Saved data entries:
■ ■ ■ ■

Definition U1 n r (Ap Am : 'M[C]_n) (X0 X : 'M[C]_(n, r)) : 'M[C]_r :=
  adjH X *m Ap *m X + adjH X *m Am *m X0 + adjH X0 *m Am *m X
  - adjH X0 *m Am *m X0.

Definition U2 n r (Ap Am : 'M[C]_n) (X0 X : 'M[C]_(n, r)) : 'M[C]_r :=
  adjH X *m Am *m X + adjH X *m Ap *m X0 + adjH X0 *m Ap *m X
  - adjH X0 *m Ap *m X0.

End Defs.

From HB Require Import structures.
From mathcomp Require Import all_boot all_order all_algebra.
From mathcomp Require Import all_classical all_reals all_analysis.
From mathcomp Require Import complex.
From mathcomp Require Import ring.
Import numFieldNormedType.Exports.
Import Order.TTheory GRing.Theory Num.Theory.
Set Implicit Arguments.
Unset Strict Implicit.
Unset Printing Implicit Defensive.
Local Open Scope ring_scope.

(* Write A = P + N with P = A^(+), N = A^(-) and abbreviate X^H M Y by
   sesq M X Y.  Two polynomial identities drive everything:
   - U1 X = X^H A X - (X - X0)^H N (X - X0)                        (U1_gap)
   - t U1 X + (1-t) U1 Y - U1 (t X + (1-t) Y)
       = t (1-t) (X - Y)^H P (X - Y)                         (U1_convex_gap)
   Since P is PSD and N is NSD, congruence makes both correction terms
   semidefinite; convexity and monotonicity of g then give (i) and (ii),
   and (iii) is the first identity at X = X0.  For MNI functions all signs
   flip and U2 (A+) (A-) = U1 (A-) (A+), so both cases are handled at once by
   a sign parameter e = +1 / -1 (sign_monotone, semidef).
   For (iv) we pass to real coordinates (Re X, Im X): U1 becomes the real
   quadratic map of A minus the quadratic map of N centred at X0, which is
   flat at X0, so the chain rule gives equal derivatives.  This needs that
   bilinear maps on the finite-dimensional coordinate space are continuous,
   which we prove by expanding in the canonical basis. *)

Section HermitianMatrices.
Variable R : realType.
Local Notation C := R[i].

Lemma rC1 : rC 1 = 1 :> C. Proof. by []. Qed.

Lemma rCN (t : R) : rC (- t) = - rC t.
Proof. by apply/eqP; rewrite eq_complex /= oppr0 !eqxx. Qed.

Lemma rCM (a b : R) : rC (a * b) = rC a * rC b.
Proof. by apply/eqP; rewrite eq_complex /= !mulr0 !mul0r subr0 addr0 !eqxx. Qed.

Lemma rCB (a b : R) : rC (a - b) = rC a - rC b.
Proof. by apply/eqP; rewrite eq_complex /= subr0 !eqxx. Qed.

Lemma rC_ge0 (c : R) : (0 <= rC c) = (0 <= c).
Proof. by rewrite lecE /= eqxx. Qed.

Lemma adjHD m k (X Y : 'M[C]_(m, k)) : adjH (X + Y) = adjH X + adjH Y.
Proof. by rewrite /adjH !raddfD. Qed.

Lemma adjHN m k (X : 'M[C]_(m, k)) : adjH (- X) = - adjH X.
Proof. by rewrite /adjH !raddfN. Qed.

Lemma adjHB m k (X Y : 'M[C]_(m, k)) : adjH (X - Y) = adjH X - adjH Y.
Proof. by rewrite adjHD adjHN. Qed.

Lemma adjHZ m k (t : R) (X : 'M[C]_(m, k)) : adjH (rC t *: X) = rC t *: adjH X.
Proof. by apply/matrixP => i j; rewrite !mxE /= rmorphM /= oppr0. Qed.

Lemma adjHM m k l (X : 'M[C]_(m, k)) (Y : 'M[C]_(k, l)) :
  adjH (X *m Y) = adjH Y *m adjH X.
Proof. by rewrite /adjH map_mxM trmx_mul. Qed.

Lemma adjHK m k (X : 'M[C]_(m, k)) : adjH (adjH X) = X.
Proof. by apply/matrixP => i j; rewrite !mxE conjcK. Qed.

Lemma adjH_sum m k I (s : seq I) (P : pred I) (F : I -> 'M[C]_(m, k)) :
  adjH (\sum_(i <- s | P i) F i) = \sum_(i <- s | P i) adjH (F i).
Proof. by rewrite /adjH !raddf_sum. Qed.

Lemma herm_comb r (t : R) (W1 W2 : 'M[C]_r) :
  is_herm W1 -> is_herm W2 -> is_herm (rC t *: W1 + rC (1 - t) *: W2).
Proof. by rewrite /is_herm => h1 h2; rewrite adjHD !adjHZ h1 h2. Qed.

Lemma hermB r (W1 W2 : 'M[C]_r) : is_herm W1 -> is_herm W2 -> is_herm (W1 - W2).
Proof. by rewrite /is_herm => h1 h2; rewrite adjHB h1 h2. Qed.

■ ■ ■ ■

From the records given above, copy all lines containing "eqxx".

Proof. by apply/eqP; rewrite eq_complex /= oppr0 !eqxx. Qed.
Proof. by apply/eqP; rewrite eq_complex /= !mulr0 !mul0r subr0 addr0 !eqxx. Qed.
Proof. by apply/eqP; rewrite eq_complex /= subr0 !eqxx. Qed.
Proof. by rewrite lecE /= eqxx. Qed.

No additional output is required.